# What to work on
Transcribe the records below exactly as they appear.

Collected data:
◇ ◇ ◇

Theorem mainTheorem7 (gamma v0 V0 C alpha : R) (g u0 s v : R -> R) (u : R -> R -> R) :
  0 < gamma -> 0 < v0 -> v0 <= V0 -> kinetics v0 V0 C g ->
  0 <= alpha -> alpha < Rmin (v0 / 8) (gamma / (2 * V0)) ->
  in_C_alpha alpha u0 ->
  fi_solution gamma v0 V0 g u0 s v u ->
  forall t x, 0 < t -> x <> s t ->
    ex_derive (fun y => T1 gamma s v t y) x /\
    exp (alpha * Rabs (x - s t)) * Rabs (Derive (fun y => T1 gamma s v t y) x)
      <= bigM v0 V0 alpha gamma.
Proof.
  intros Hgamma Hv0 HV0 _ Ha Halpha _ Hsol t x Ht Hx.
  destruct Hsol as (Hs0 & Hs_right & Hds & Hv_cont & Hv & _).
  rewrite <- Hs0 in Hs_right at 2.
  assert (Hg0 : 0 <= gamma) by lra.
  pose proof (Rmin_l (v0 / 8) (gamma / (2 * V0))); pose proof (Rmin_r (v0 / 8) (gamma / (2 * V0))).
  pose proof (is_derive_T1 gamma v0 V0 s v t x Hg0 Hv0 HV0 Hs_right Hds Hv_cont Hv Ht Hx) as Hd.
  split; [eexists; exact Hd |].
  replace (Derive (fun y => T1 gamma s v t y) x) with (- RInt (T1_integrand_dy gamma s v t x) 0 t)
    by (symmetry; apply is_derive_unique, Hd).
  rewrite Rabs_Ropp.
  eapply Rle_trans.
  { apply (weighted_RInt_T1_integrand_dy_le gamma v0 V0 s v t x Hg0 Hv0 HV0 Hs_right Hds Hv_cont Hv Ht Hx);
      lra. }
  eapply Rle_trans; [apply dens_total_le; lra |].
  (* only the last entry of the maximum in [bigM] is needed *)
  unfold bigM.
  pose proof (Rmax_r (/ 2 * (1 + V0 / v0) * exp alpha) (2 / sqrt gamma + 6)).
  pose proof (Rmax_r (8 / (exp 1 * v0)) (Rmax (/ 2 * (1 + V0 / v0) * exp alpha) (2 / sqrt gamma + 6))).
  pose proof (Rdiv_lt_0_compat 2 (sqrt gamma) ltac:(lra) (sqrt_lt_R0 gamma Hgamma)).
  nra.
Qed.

◇ ◇ ◇

# Exercise response
Theorem mainTheorem7 (gamma v0 V0 C alpha : R) (g u0 s v : R -> R) (u : R -> R -> R) :
  0 < gamma -> 0 < v0 -> v0 <= V0 -> kinetics v0 V0 C g ->
  0 <= alpha -> alpha < Rmin (v0 / 8) (gamma / (2 * V0)) ->
  in_C_alpha alpha u0 ->
  fi_solution gamma v0 V0 g u0 s v u ->
  forall t x, 0 < t -> x <> s t ->
    ex_derive (fun y => T1 gamma s v t y) x /\
    exp (alpha * Rabs (x - s t)) * Rabs (Derive (fun y => T1 gamma s v t y) x)
      <= bigM v0 V0 alpha gamma.
Proof.
  intros Hgamma Hv0 HV0 _ Ha Halpha _ Hsol t x Ht Hx.
  destruct Hsol as (Hs0 & Hs_right & Hds & Hv_cont & Hv & _).
  rewrite <- Hs0 in Hs_right at 2.
  assert (Hg0 : 0 <= gamma) by lra.
  pose proof (Rmin_l (v0 / 8) (gamma / (2 * V0))); pose proof (Rmin_r (v0 / 8) (gamma / (2 * V0))).
  pose proof (is_derive_T1 gamma v0 V0 s v t x Hg0 Hv0 HV0 Hs_right Hds Hv_cont Hv Ht Hx) as Hd.
  split; [eexists; exact Hd |].
  replace (Derive (fun y => T1 gamma s v t y) x) with (- RInt (T1_integrand_dy gamma s v t x) 0 t)
    by (symmetry; apply is_derive_unique, Hd).
  rewrite Rabs_Ropp.
  eapply Rle_trans.
  { apply (weighted_RInt_T1_integrand_dy_le gamma v0 V0 s v t x Hg0 Hv0 HV0 Hs_right Hds Hv_cont Hv Ht Hx);
      lra. }
  eapply Rle_trans; [apply dens_total_le; lra |].
  (* only the last entry of the maximum in [bigM] is needed *)
  unfold bigM.
  pose proof (Rmax_r (/ 2 * (1 + V0 / v0) * exp alpha) (2 / sqrt gamma + 6)).
  pose proof (Rmax_r (8 / (exp 1 * v0)) (Rmax (/ 2 * (1 + V0 / v0) * exp alpha) (2 / sqrt gamma + 6))).
  pose proof (Rdiv_lt_0_compat 2 (sqrt gamma) ltac:(lra) (sqrt_lt_R0 gamma Hgamma)).
  nra.
Qed.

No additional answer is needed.